It is the figure which showed the example of the combination of each unit. It is sectional drawing of the board | substrate conveyance direction of a printing unit. It is a top view of a printing unit. It is sectional drawing of an inspection unit. It is a perspective view of a dispenser unit.

Explanation of symbols

  DESCRIPTION OF SYMBOLS 1 ... Printing unit main body, 2 ... Guide rail, 3 ... Frame, 4 ... Servo motor, 5 ... Squeegee, 6 ... Squeegee raising / lowering cylinder, 7 ... Plate frame receptacle, 8 ... Mask, 9 ... Plate frame, 10 ... Printing table, DESCRIPTION OF SYMBOLS 11 ... XY (theta) table, 12 ... Reception conveyor, 13 ... Carry-in conveyor, 14 ... Carry-out conveyor, 15 ... Board | substrate, 16 ... Camera, 20 ... Printing unit, 30 ... Inspection unit, 40 ... Dispenser unit, 50 ... Loading machine, 60 ... Reflow soldering device, 70 ... rework unit.

Claims (7)

In a solder paste printing system that applies solder paste to a substrate surface via a mask,
Squeegee and mask wear due to occurrence of defects, mask damage , lack of tension , clogging of openings, supply amount of solder , supply height , supply position , and supply width , and the presence or absence of aeration, the solder is a viscosity or tacking properties obtained from the temperature and the degree of drying conditions, environmental temperature and in the printing units, humidity and dimensional variation of the production substrate and warpage and, as elements twist storing the processing method for each element as knowledge accumulates, a storage means for storing, prior to performing solder paste printing, monitoring means for know the state of the element due to the failure test, the elements predicted to determine whether there is a risk of generating defects, and analyzing means capable of emitting quality forecast or alarm to the operator based on a result of analysis, failure onset Processing means for removing the factor, inspection means for inspecting the print result after performing the solder paste printing, communication means for communicating information on the result of inspection by the inspection means to the printing apparatus, and information on the result of inspection by the inspection means solder paste printing system characterized by analyzing, with a re-analysis means for performing any time arrange to additionally stored in storage means a new bad case as new knowledge.
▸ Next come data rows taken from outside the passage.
(* Let $\mathcal{X}$ be a subcategory of $\mathcal{C}$ closed under extensions and CoCones, and let $\mathcal{W}$ be an $\mathcal{X}$-injective cogenerator for $\mathcal{X}$. For any $\mathbb{E}$-triangle $A\xrightarrow{x}B\xrightarrow{y}C\dashrightarrow$ in $\mathcal{C}$, if two of $A,B,C$ lie in $\widehat{\mathcal{X}}$, then so does the third.
   Context: $\mathcal{C}=(\mathcal{C},\mathbb{E},\mathfrak{s})$ is an extriangulated category (in the sense of Nakaoka–Palu) with enough projectives and enough injectives; a conflation realizing $\delta\in\mathbb{E}(C,A)$ is written as an $\mathbb{E}$-triangle $A\to B\to C\dashrightarrow$. All subcategories are full, additive, closed under isomorphisms and direct summands. Higher extensions: $\mathbb{E}^1=\mathbb{E}$, $\mathbb{E}^{i+1}(X,Y)=\mathbb{E}(X,\Sigma^iY)\cong\mathbb{E}(\Omega^iX,Y)$. $\mathcal{X}$ is extension-closed if for every $\mathbb{E}$-triangle $A\to B\to C\dashrightarrow$ with $A,C\in\mathcal{X}$ one has $B\in\mathcal{X}$; closed under CoCones if for every such $\mathbb{E}$-triangle with $B,C\in\mathcal{X}$ one has $A\in\mathcal{X}$. $\mathcal{W}$ is an $\mathcal{X}$-injective cogenerator for $\mathcal{X}$ if $\mathcal{W}\subseteq\mathcal{X}$, for each $X\in\mathcal{X}$ there is an $\mathbb{E}$-triangle $X\to W\to X'\dashrightarrow$ with $W\in\mathcal{W}$, $X'\in\mathcal{X}$, and $\mathbb{E}^i(X,W)=0$ for all $X\in\mathcal{X}$, $W\in\mathcal{W}$, $i\ge1$. For $n\ge0$, $\widehat{\mathcal{X}}_n$ is the class of objects $C$ for which there exist $\mathbb{E}$-triangles $K_{i+1}\to X_i\to K_i\dashrightarrow$ ($0\le i\le n-1$) with $K_0=C$, all $X_i\in\mathcal{X}$ and $K_n\in\mathcal{X}$; $\widehat{\mathcal{X}}=\bigcup_n\widehat{\mathcal{X}}_n$. *)

From HB Require Import structures.
From mathcomp Require Import all_boot all_algebra.
Set Implicit Arguments. Unset Strict Implicit. Unset Printing Implicit Defensive.
Import GRing.Theory.
Local Open Scope ring_scope.

Record CatData := {
  Obj : Type;
  Hom : Obj -> Obj -> zmodType;
  comp : forall A B C : Obj, Hom B C -> Hom A B -> Hom A C;
  idm : forall A : Obj, Hom A A
}.
Arguments comp {c A B C}.
Arguments idm {c A}.
Notation "g \oc f" := (comp g f) (at level 40, left associativity).

Section Cat.
Variable C : CatData.
Implicit Types A B D : Obj C.

Definition is_iso A B (f : Hom A B) : Prop :=
  exists g : Hom B A, g \oc f = idm /\ f \oc g = idm.

Definition isomorphic A B : Prop := exists f : Hom A B, is_iso f.

Definition is_zero_obj (Z : Obj C) : Prop := (idm : Hom Z Z) = 0.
The solder paste printing system according to claim 1,
After performing solder paste printing, after heating and cooling the solder paste and soldering, an inspection means for inspecting the soldering appearance, a communication means for communicating information on the result of inspection by the inspection means to the printing apparatus, and an inspection means solder paste printing system characterized by comprising a re-analyzing means for analyzing the information of the results of the test carried out at any time arrange to additionally stored in storage means a new bad case as new knowledge. In the solder paste printing system according to claim 1 or 2,
A solder paste printing system, wherein a plurality of dispenser units for partially applying solder paste or a plurality of rework units for correcting defective soldering portions are arranged on the downstream side of the printing apparatus. In the solder paste printing system according to claim 3,
When the inspection unit detects a printing defect due to printing failure, the dispenser unit applies cream solder to the location in order to repair the printing failure portion. In the solder paste printing system according to claim 3,
When the inspection unit detects a sag or bridging of the solder paste or a print defect on the blur, the substrate is transported to a dispenser unit having the suction dispenser among the plurality of dispenser units, and the excess cream solder is sucked there. A solder paste printing system characterized by: In the solder paste printing system according to claim 3,
When the inspection unit detects a printing misalignment, the misaligned substrate, the positional information, and the misalignment amount are transmitted from the inspection unit to the printing unit or the dispenser unit. Solder paste printing system. In the solder paste printing system according to claim 3,
A solder paste printing system, wherein a dispenser of at least one of the plurality of dispenser units supplies a different material other than cream solder such as an adhesive.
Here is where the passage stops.